Work with me here, Governor. You were standing outside the State House, it was snowing and for some reason you had sunglasses on. Do you remember even seeing Caroline Cornish that day?
OK, one last try. Let’s go back to that now-infamous emergency bill, sponsored by Rep. Barry Hobbins, D-Saco, that aimed to let bars open at 6 a.m. on St. Patrick’s Day even though it was a Sunday.
Not only did you promise to veto the measure (again, the hospital debt), you even went on WPFO-TV and called it “garbage.”
No, sir, it wasn’t trash day. I swear to God you were talking about Barry Hobbins and his green beer.
Enter L-Dopa — or whatever else it was that opened your eyes to the way life should be.
It first kicked in last Friday, when you not only signed the St. Patrick’s Day bill, but donned a leprechaun hat and smiled for a photographer while you did it!
(Just an aside, Governor, but you could create a pot of gold for the state’s General Fund if you blew that photo up into a few thousand posters and sold them on eBay. I’d mount one right over my desk, and I guarantee Barry Hobbins would paper his entire man room with them.)

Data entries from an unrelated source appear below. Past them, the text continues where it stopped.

(* Let $H$ be a weak Hopf algebra, $A$ a symmetric partial $H$-module algebra, $B$ an algebra, $\pi\colon H\to B$ a partial representation and $\phi\colon A\to B$ an algebra morphism such that $(\phi,\pi)$ is a covariant pair. Then there exists a unique algebra morphism $\Phi\colon A\,\underline{\#}\,H\to B$ such that $\Phi\circ\pi_0=\pi$ and $\Phi\circ\phi_0=\phi$, where $\pi_0\colon H\to A\,\underline{\#}\,H$, $\pi_0(h)=1_A\,\underline{\#}\,h$, and $\phi_0\colon A\to A\,\underline{\#}\,H$, $\phi_0(a)=a\,\underline{\#}\,1_H$.
   Context: All algebras are associative and unital over a field $\Bbbk$; Sweedler notation $\Delta(h)=h_1\otimes h_2$, $\Delta(1_H)=1_1\otimes1_2$. A weak Hopf algebra is $(H,m,u,\Delta,\varepsilon,S)$ with $H$ an algebra, $(H,\Delta,\varepsilon)$ a coalgebra, and for all $g,h,k$: $\Delta(kh)=\Delta(k)\Delta(h)$; $\varepsilon(kh_1)\varepsilon(h_2g)=\varepsilon(khg)=\varepsilon(kh_2)\varepsilon(h_1g)$; $(1\otimes\Delta(1))(\Delta(1)\otimes1)=\Delta^2(1)=(\Delta(1)\otimes1)(1\otimes\Delta(1))$; $h_1S(h_2)=\varepsilon_t(h)$; $S(h_1)h_2=\varepsilon_s(h)$; $S(h)=S(h_1)h_2S(h_3)$, with $\varepsilon_t(h)=\varepsilon(1_1h)1_2$, $\varepsilon_s(h)=1_1\varepsilon(h1_2)$. $H_t=\varepsilon_t(H)$, $H_s=\varepsilon_s(H)$, and the restriction $S_R\colon H_s\to H_t$ of $S$ is bijective. Partial representation of $H$ in $B$: a linear $\pi\colon H\to B$ with (PR1) $\pi(1_H)=1_B$; (PR2) $\pi(h)\pi(k_1)\pi(S(k_2))=\pi(hk_1)\pi(S(k_2))$; (PR3) $\pi(h)\pi(S(k_1))\pi(k_2)=\pi(hS(k_1))\pi(k_2)$; (PR4) $\pi(h_1)\pi(S(h_2))\pi(k)=\pi(h_1)\pi(S(h_2)k)$; (PR5) $\pi(S(h_1))\pi(h_2)\pi(k)=\pi(S(h_1))\pi(h_2k)$; (PR6) $\pi(h)=\pi(h_1)\pi(S(h_2))\pi(h_3)$. Partial $H$-module algebra: algebra $A$ with linear $h\otimes a\mapsto h\cdot a$ such that $h\cdot(ab)=(h_1\cdot a)(h_2\cdot b)$, $1_H\cdot a=a$, $h\cdot(k\cdot a)=(h_1\cdot1_A)((h_2k)\cdot a)$; symmetric if also $h\cdot(k\cdot a)=((h_1k)\cdot a)(h_2\cdot1_A)$. Smash product $A\#H=A\otimes_{H_t}H$ ($A$ a right $H_t$-module via $a\triangleleft z=a(S_R^{-1}(z)\cdot1_A)$, $H$ a left $H_t$-module by multiplication) with product $(a\#h)(b\#g)=a(h_1\cdot b)\#h_2g$. Partial smash product $A\,\underline{\#}\,H$: the subalgebra generated by $a\,\underline{\#}\,h:=(a\#h)(1_A\#1_H)=a(h_1\cdot1_A)\#h_2$, with unit $1_A\,\underline{\#}\,1_H$. Covariant pair: a pair $(\phi,\pi)$ with $\phi\colon A\to B$ an algebra morphism and $\pi\colon H\to B$ a partial representation such that for all $h\in H$, $a\in A$: (CP1) $\phi(h\cdot a)=\pi(h_1)\phi(a)\pi(S(h_2))$; (CP2) $\phi(a)\pi(S(h_1))\pi(h_2)=\pi(S(h_1))\pi(h_2)\phi(a)$. *)

(* Tensors are represented by finite formal sums (seq of pairs/triples);
   equality of tensors is the universal property of the tensor product
   (equal images under every multilinear map into every K-vector space). *)
From HB Require Import structures.
From mathcomp Require Import all_boot all_order all_algebra.
Set Implicit Arguments. Unset Strict Implicit. Unset Printing Implicit Defensive.
Import GRing.Theory.
Local Open Scope ring_scope.

(* Associative unital K-algebras: MathComp's algType (requires 1 != 0). *)

Definition sw2 (U V : Type) (W : nmodType) (s : seq (U * V)) (f : U -> V -> W) : W :=
  \sum_(p <- s) f p.1 p.2.
Definition sw3 (U V X : Type) (W : nmodType) (s : seq (U * V * X))
  (f : U -> V -> X -> W) : W := \sum_(p <- s) f p.1.1 p.1.2 p.2.

Definition bilin (K : pzRingType) (U V W : lmodType K) (f : U -> V -> W) : Prop :=
  (forall v (a : K) u1 u2, f (a *: u1 + u2) v = a *: f u1 v + f u2 v) /\
  (forall u (a : K) v1 v2, f u (a *: v1 + v2) = a *: f u v1 + f u v2).

Definition trilin (K : pzRingType) (U V X W : lmodType K) (f : U -> V -> X -> W) : Prop :=
  (forall v x (a : K) u1 u2, f (a *: u1 + u2) v x = a *: f u1 v x + f u2 v x) /\
  (forall u x (a : K) v1 v2, f u (a *: v1 + v2) x = a *: f u v1 x + f u v2 x) /\
  (forall u v (a : K) x1 x2, f u v (a *: x1 + x2) = a *: f u v x1 + f u v x2).

Definition teq2 (K : pzRingType) (U V : lmodType K) (s t : seq (U * V)) : Prop :=
  forall (W : lmodType K) (f : U -> V -> W), bilin f -> sw2 s f = sw2 t f.
Definition teq3 (K : pzRingType) (U V X : lmodType K) (s t : seq (U * V * X)) : Prop :=
  forall (W : lmodType K) (f : U -> V -> X -> W), trilin f -> sw3 s f = sw3 t f.

Definition tmul2 (K : pzRingType) (H : algType K) (s t : seq (H * H)) : seq (H * H) :=
  [seq (p.1 * q.1, p.2 * q.2) | p <- s, q <- t].
Definition tmul3 (K : pzRingType) (H : algType K) (s t : seq (H * H * H)) :
  seq (H * H * H) :=
  [seq (p.1.1 * q.1.1, p.1.2 * q.1.2, p.2 * q.2) | p <- s, q <- t].
Definition comul_l (K : pzRingType) (H : algType K) (D : H -> seq (H * H))
  (s : seq (H * H)) : seq (H * H * H) :=
  flatten [seq [seq (q.1, q.2, p.2) | q <- D p.1] | p <- s].
Definition comul_r (K : pzRingType) (H : algType K) (D : H -> seq (H * H))
  (s : seq (H * H)) : seq (H * H * H) :=
  flatten [seq [seq (p.1, q.1, q.2) | q <- D p.2] | p <- s].
Definition comul2 (K : pzRingType) (H : algType K) (D : H -> seq (H * H)) (h : H) :=
  comul_l D (D h).
Definition one_comul1 (K : pzRingType) (H : algType K) (D : H -> seq (H * H)) :
  seq (H * H * H) := [seq (1, p.1, p.2) | p <- D 1].
Definition comul1_one (K : pzRingType) (H : algType K) (D : H -> seq (H * H)) :
  seq (H * H * H) := [seq (p.1, p.2, 1) | p <- D 1].

Definition eps_t (K : pzRingType) (H : algType K) (D : H -> seq (H * H))
  (e : H -> K) (h : H) : H := sw2 (D 1) (fun u v => e (u * h) *: v).
Definition eps_s (K : pzRingType) (H : algType K) (D : H -> seq (H * H))
  (e : H -> K) (h : H) : H := sw2 (D 1) (fun u v => e (h * v) *: u).

Record weak_hopf (K : fieldType) (H : algType K) (D : H -> seq (H * H))
    (e : H -> K) (S : H -> H) : Prop := {
  wh_comul_lin : forall (a : K) h g,
    teq2 (D (a *: h + g)) ([seq (a *: p.1, p.2) | p <- D h] ++ D g);
  wh_counit_lin : forall (a : K) h g, e (a *: h + g) = a * e h + e g;
  wh_antipode_lin : forall (a : K) h g, S (a *: h + g) = a *: S h + S g;
  wh_coassoc : forall h, teq3 (comul_l D (D h)) (comul_r D (D h));
  wh_counit_l : forall h, sw2 (D h) (fun u v => e u *: v) = h;
  wh_counit_r : forall h, sw2 (D h) (fun u v => e v *: u) = h;
  wh_comul_mul : forall k h, teq2 (D (k * h)) (tmul2 (D k) (D h));
  wh_eps_mul1 : forall k h g,
    sw2 (D h) (fun u v => e (k * u) * e (v * g)) = e (k * h * g);
  wh_eps_mul2 : forall k h g,
    sw2 (D h) (fun u v => e (k * v) * e (u * g)) = e (k * h * g);
  wh_comul_unit1 : teq3 (tmul3 (one_comul1 D) (comul1_one D)) (comul2 D 1);
  wh_comul_unit2 : teq3 (comul2 D 1) (tmul3 (comul1_one D) (one_comul1 D));
  wh_antipode_t : forall h, sw2 (D h) (fun u v => u * S v) = eps_t D e h;
  wh_antipode_s : forall h, sw2 (D h) (fun u v => S u * v) = eps_s D e h;
  wh_antipode3 : forall h, sw3 (comul2 D h) (fun u v w => S u * v * S w) = S h
}.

But it wasn’t until Wednesday that your awakening was in full bloom, right Big Guy?
Your administration dashed off a letter to U.S. Secretary of Health and Human Services Kathleen Sebelius reversing your previous course on the Medicaid expansion. You now say Maine wants in as long as the feds pay the full freight for 10 years – although I have a hunch that precondition will be but a fading memory by this weekend.

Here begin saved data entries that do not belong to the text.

(* Let $q$ be a prime power, $m>3$, and $n=q^m-1$. For an integer design distance $d\ge 2$, the primitive narrow-sense bicyclic hyperbolic code $\mathscr{H}(n\times n,q;d)$ over $\mathbb{F}_q$ contains its Euclidean dual if and only if $d\le\delta$, where $$\delta=\begin{cases}(q^m-1)-2(q^{m/2}-1)=(q^{m/2}-1)^2 & m \text{ even},\\ (q^m-1)-q^{(m-1)/2} & m\text{ odd}.\end{cases}$$
   Context: Bicyclic codes: linear subspaces of $\mathbb{F}_q^{n\times n}$ closed under cyclic shifts of rows and columns, identified with ideals of $\mathbb{F}_q[X,Y]/\langle X^n-1,Y^n-1\rangle$ via $c\mapsto c(X,Y)=\sum c_{i,j}X^iY^j$. Let $\alpha$ be a primitive $n$-th root of unity in $\mathbb{F}_{q^m}$. The $q$-ary cyclotomic coset of $(x,y)$ is $\mathrm{Coset}_{(x,y)}=\{(xq^k\bmod n, yq^k\bmod n):k\ge0\}$. The primitive narrow-sense bicyclic hyperbolic code $\mathscr{H}(n\times n,q;d)$ with design distance $d$ is the set of all $c\in\mathbb{F}_q^{n\times n}$ with $c(\alpha^x,\alpha^y)=0$ for all $(x,y)\in Z=\bigcup_{(x,y)\in Z_{des}}\mathrm{Coset}_{(x,y)}$, where the designed set is $Z_{des}=\{(x\bmod n,\ y\bmod n): 1\le x,y\le n,\ xy<d\}$. The Euclidean dual of $C$ is $C^\perp=\{u\in\mathbb{F}_q^{n\times n}:\sum_{i,j}u_{i,j}v_{i,j}=0\ \forall v\in C\}$. *)

From HB Require Import structures.
From mathcomp Require Import all_boot all_order all_algebra all_field.
Set Implicit Arguments. Unset Strict Implicit. Unset Printing Implicit Defensive.
Import GRing.Theory.
Local Open Scope ring_scope.

(* (a,b) lies in Z = union of the q-cyclotomic cosets of the designed set
   Z_des = {(x mod n, y mod n) : 1 <= x,y <= n, x*y < d}. *)
Definition in_zero_set (n q d a b : nat) : Prop :=
  exists x y k : nat,
    [/\ (1 <= x <= n)%N, (1 <= y <= n)%N, (x * y < d)%N,
        a = ((x %% n) * q ^ k) %% n & b = ((y %% n) * q ^ k) %% n]%N.

Definition biv_eval (F : fieldType) (L : fieldExtType F) (n : nat)
  (c : 'M[F]_n) (a b : L) : L :=
  \sum_(i < n) \sum_(j < n) (c i j)%:A * a ^+ i * b ^+ j.

Definition hyp_code (F : fieldType) (L : fieldExtType F) (n q d : nat)
  (alpha : L) (c : 'M[F]_n) : Prop :=
  forall a b : nat, in_zero_set n q d a b ->
    biv_eval c (alpha ^+ a) (alpha ^+ b) = 0.

Definition euclid_dual (F : fieldType) (n : nat) (C : 'M[F]_n -> Prop)
  (u : 'M[F]_n) : Prop :=
  forall v, C v -> \sum_(i < n) \sum_(j < n) u i j * v i j = 0.

Definition dual_containing (F : fieldType) (n : nat) (C : 'M[F]_n -> Prop) : Prop :=
  forall u, euclid_dual C u -> C u.

Definition hyp_delta (q m : nat) : nat :=
  if odd m then (q ^ m - 1 - q ^ ((m - 1) %/ 2))%N
  else ((q ^ (m %/ 2) - 1) ^ 2)%N.

Arguments hyp_code {F L} n q d alpha c.
Arguments dual_containing {F} n C.
Arguments euclid_dual {F} n C u.

From Stdlib Require Import ZArith Lia.
From HB Require Import structures.
From mathcomp Require Import all_boot all_order all_algebra all_field.
From mathcomp Require Import zify ring.
Import GRing.Theory.

Set Implicit Arguments. Unset Strict Implicit. Unset Printing Implicit Defensive.

(* Let Z be the zero set of the code.  Since Z is a union of q-cyclotomic cosets, the dual
   of the code is contained in the code iff no element of Z is congruent modulo n to -q^k
   times another element of Z: the matrices (Tr (alpha^(t + a i + b j)))_(i,j), with Tr the
   trace of L over F, are codewords of the dual (resp. of the code) whose evaluations
   witness either direction.  This leaves arithmetic modulo n = q^m - 1.  If x y < delta
   and x' = -q^j x, y' = -q^j y modulo n, where exchanging the two pairs allows j <= m/2,
   write n + 1 = A B with A = q^(m-j), B = q^j: the residue of -B x is n - B x when x < A,
   and elementary inequalities give x' y' >= n - q^(m./2) >= delta.  When d > delta the
   pairs (q^(m/2) - 1, q^(m/2) - 1) for even m, and (1, n - q^(m./2)) and
   (n - q^(m./2 + 1), 1) for odd m, lie in Z and are opposite up to a power of q. *)

Section DeltaInequalities.
Local Open Scope Z_scope.

Lemma key_ineq_odd_aux (N S : Z) : 4 <= S -> 2 * S * S <= N + 1 ->
  (N + 1 - S) * (N - S) + (S - 1) * S * (N - S - 1) * S <= (N + 1 - S) * (S - 1) * N.
Proof.
move=> S4 SN.
have : 0 <= (S - 1) * (N - S - 1) * (N + 1 - 2 * S * S) by apply: Z.mul_nonneg_nonneg; nia.
have : 0 <= (N + 1) * (N + 1 - S) * (S - 3) by apply: Z.mul_nonneg_nonneg; nia.
nia.
Qed.

(* In the application A = q^(m-j), B = q^j with 2 j <= m, T = q^(m./2) and d = delta. *)
Variables n A B T d : Z.
Hypotheses (AB_eq : A * B = n + 1) (B_gt0 : 1 <= B) (B_le_T : B <= T) (T_ge4 : 4 <= T)
  (B_eq_or_le_T : B = T \/ 2 * B <= T)
  (d_delta : (T * T = n + 1 /\ d = (T - 1) * (T - 1)) \/ (2 * T * T <= n + 1 /\ d = n - T)).

Lemma delta_add_T_le : d + T <= n.
Proof. by case: d_delta => -[]; nia. Qed.

Lemma delta_ge1 : 1 <= d.
Proof. by case: d_delta => -[]; nia. Qed.

Lemma T_sq_le : T * T <= n + 1.
Proof. by case: d_delta => -[]; nia. Qed.

Lemma delta_key_ineq : 2 <= B ->
  (A - 1) * (n - T) + (B - 1) * B * (d - 1) <= (B - 1) * (A - 1) * n.
Proof.
move=> B_ge2; have dT := delta_add_T_le; have d1 := delta_ge1.
have A1 : 1 <= A by nia.
case: (Z.eq_dec B 2) => [B2 | B_ne2]; first by subst B; clear -dT d1 AB_eq T_ge4; nia.
case: B_eq_or_le_T => [B_eq | B2T]; last first.
  have TT := T_sq_le.
  have A_gt : T + 1 <= A by clear d_delta; nia.
  have : (B - 1) * B * (d - 1) <= (A - 1) * (B - 2) * n.
    apply: (Z.le_trans _ ((A - 1) * (B - 2) * (d - 1))).
      by apply: Z.mul_le_mono_nonneg_r; nia.
    by apply: Z.mul_le_mono_nonneg_l; nia.
  by clear -A1 T_ge4 B_ge2; nia.
subst B; case: d_delta => -[TT ->].
  have A_eq : A = T.
    have : (A - T) * T = 0 by nia.
    by case/Z.mul_eq_0 => ?; lia.
  by subst A; nia.
have T_gt0 : 0 < T by lia.
apply/(Z.mul_le_mono_pos_l _ _ _ T_gt0).
rewrite Z.mul_add_distr_l.
have -> : T * ((A - 1) * (n - T)) = (n + 1 - T) * (n - T) by nia.
have -> : T * ((T - 1) * (A - 1) * n) = (n + 1 - T) * (T - 1) * n by nia.
by have := key_ineq_odd_aux T_ge4 TT; lia.
Qed.

Lemma opp_prod_ge_B1 x y : B = 1 -> 1 <= x <= n - 1 -> 1 <= y <= n - 1 -> x * y <= d - 1 ->
  n - T <= (n - B * x) * (n - B * y).
Proof.
move=> B1 x_bd y_bd xy_lt; rewrite B1 !Z.mul_1_l; have dT := delta_add_T_le.
have P_ge0 : 0 <= (n - 1 - x) * (n - 1 - y) by apply: Z.mul_nonneg_nonneg; lia.
have n_gt1 : 0 < n - 1 by lia.
suff : n - 1 < (n - x) * (n - y) by lia.
by apply/(Z.mul_lt_mono_pos_l _ _ _ n_gt1); clear d_delta; nia.
Qed.

Lemma opp_prod_ge_small_small x y : 2 <= B ->
  1 <= x <= A - 1 -> 1 <= y <= A - 1 -> x * y <= d - 1 ->
  n - T <= (n - B * x) * (n - B * y).
Proof.
move=> B_ge2 x_bd y_bd xy_lt; have key := delta_key_ineq B_ge2.
clear d_delta B_eq_or_le_T.
have [s x_eq s_ge1] : exists2 s, x = A - s & 1 <= s by exists (A - x); lia.
have [r y_eq r_ge1] : exists2 r, y = A - r & 1 <= r by exists (A - y); lia.
subst x y.
have -> : n - B * (A - s) = s * B - 1 by lia.
have -> : n - B * (A - r) = r * B - 1 by lia.
have sr_ge0 : 0 <= (s - 1) * (r - 1) by apply: Z.mul_nonneg_nonneg; lia.
have prod_ge : (B - 1) * (s * r * B - 1) <= (s * B - 1) * (r * B - 1).
  have : 0 <= B * ((s - 1) * (r - 1)) by apply: Z.mul_nonneg_nonneg; lia.
  by lia.
have A_ge2 : 2 <= A by lia.
have sr_ge : A * A - A - d + 1 <= (A - 1) * (s * r).
  have : A * (s + r) <= A * (s * r + 1) by apply: Z.mul_le_mono_nonneg_l; lia.
  by lia.
have bound : (A - 1) * n - B * (d - 1) <= (A - 1) * (s * r * B - 1).
  have : B * (A * A - A - d + 1) <= B * ((A - 1) * (s * r))
    by apply: Z.mul_le_mono_nonneg_l; lia.
  have : A * (A * B) = A * (n + 1) by rewrite AB_eq.
  by lia.
have A1_gt0 : 0 < A - 1 by lia.
apply/(Z.mul_le_mono_pos_l _ _ _ A1_gt0).
have : (B - 1) * ((A - 1) * n - B * (d - 1)) <= (B - 1) * ((A - 1) * (s * r * B - 1))
  by apply: Z.mul_le_mono_nonneg_l; lia.
have : (A - 1) * ((B - 1) * (s * r * B - 1)) <= (A - 1) * ((s * B - 1) * (r * B - 1))
  by apply: Z.mul_le_mono_nonneg_l; lia.
by lia.
Qed.

Lemma opp_prod_ge_large x : 2 <= B -> 1 <= x -> A * x <= d - 1 -> n - T <= B * (n - B * x).
Proof.
move=> B_ge2 x_ge1 Ax_lt; have dT := delta_add_T_le; have d1 := delta_ge1.
have TT := T_sq_le; have A_gt0 : 0 < A by nia.
have nA : n * (A * B) = n * (n + 1) by rewrite AB_eq.
have lhs_ge : A * (B * (n - B * x)) >= (n + 1) * n - B * B * (d - 1).
  have : B * B * (A * x) <= B * B * (d - 1) by apply: Z.mul_le_mono_nonneg_l; nia.
  have : (A * B) * n = (n + 1) * n by rewrite AB_eq.
  by lia.
have rhs_le : B * B * (d - 1) <= n * A * (B - 1) + A * T.
  have A2_le : A * 2 <= A * B by apply: Z.mul_le_mono_nonneg_l; lia.
  have nA2 : n * (2 * A) <= n * (n + 1) by apply: Z.mul_le_mono_nonneg_l; lia.
  have dn : (n + 1) * (d - 1) <= (n + 1) * n by apply: Z.mul_le_mono_nonneg_l; lia.
  case: B_eq_or_le_T => [B_eq | B2T]; last first.
    have BB : (2 * B) * (2 * B) <= T * T by apply: Z.mul_le_mono_nonneg; lia.
    have : 4 * (B * B * (d - 1)) <= (n + 1) * (d - 1).
      by rewrite Z.mul_assoc; apply: Z.mul_le_mono_nonneg_r; lia.
    by lia.
  subst B; case: d_delta => -[TT' d_eq]; last first.
    have : 2 * (T * T * (d - 1)) <= (n + 1) * (d - 1).
      by rewrite Z.mul_assoc; apply: Z.mul_le_mono_nonneg_r; lia.
    by lia.
  have A_eq : A = T.
    have : (A - T) * T = 0 by lia.
    by case/Z.mul_eq_0 => ?; lia.
  have -> : n = T * T - 1 by lia.
  by subst A d; clear -T_ge4; nia.
apply/(Z.mul_le_mono_pos_l _ _ _ A_gt0).
by lia.
Qed.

You unveiled a $100 million bond package for roads, bridges and other transportation packages. Looks like bonds might be “the answer to our problems” after all, huh Governor?
And that promise to veto whatever hits your desk until the hospital bill is paid?
In addition to the green-beer bill you so ceremoniously signed, you let six more pieces of passed legislation sail into the law books without so much as lifting your veto pen.
Now I’m not sure if you realize this, Governor, but the new you has the whole state of Maine in a tizzy.
Your conservative base is appalled. As one poster on the right-leaning chat room As Maine Goes put it, “I’m so confused by this. After years of talk of conservative principles, this is really heartbreaking to watch.”
Over on the left, they’ve all died and gone to heaven. Blogging under the headline “Has LePage Become a Socialist?”, Portland uber-progressive Ethan Strimling gushed, “If LePage expands government to insure more people, build much-needed infrastructure, and inject millions into our economy to create jobs, count me in.”
Then there are the cynics who point to the fast-approaching 2014 gubernatorial election and dismiss this as so much pandering to Maine’s coveted independent voters. (“Hmmm,” I can hear those undecideds musing, “maybe he’s not so crazy after all.”)
As for me, Governor, I’m channeling that triumphant moment in “Awakenings,” when the patient played by Robert De Niro looks into a rolling camera and says, “Hello. My name is Leonard Lowe. It has been explained to me that I’ve been away for quite some time. I’m back.”
Of course, Leonard’s miracle cure eventually wears off. And alas, Governor, so might whatever’s floating your boat these days.
But until then, Big Guy, let me be the first of many Mainers to welcome you to the real world.
You’ve been away for quite some time.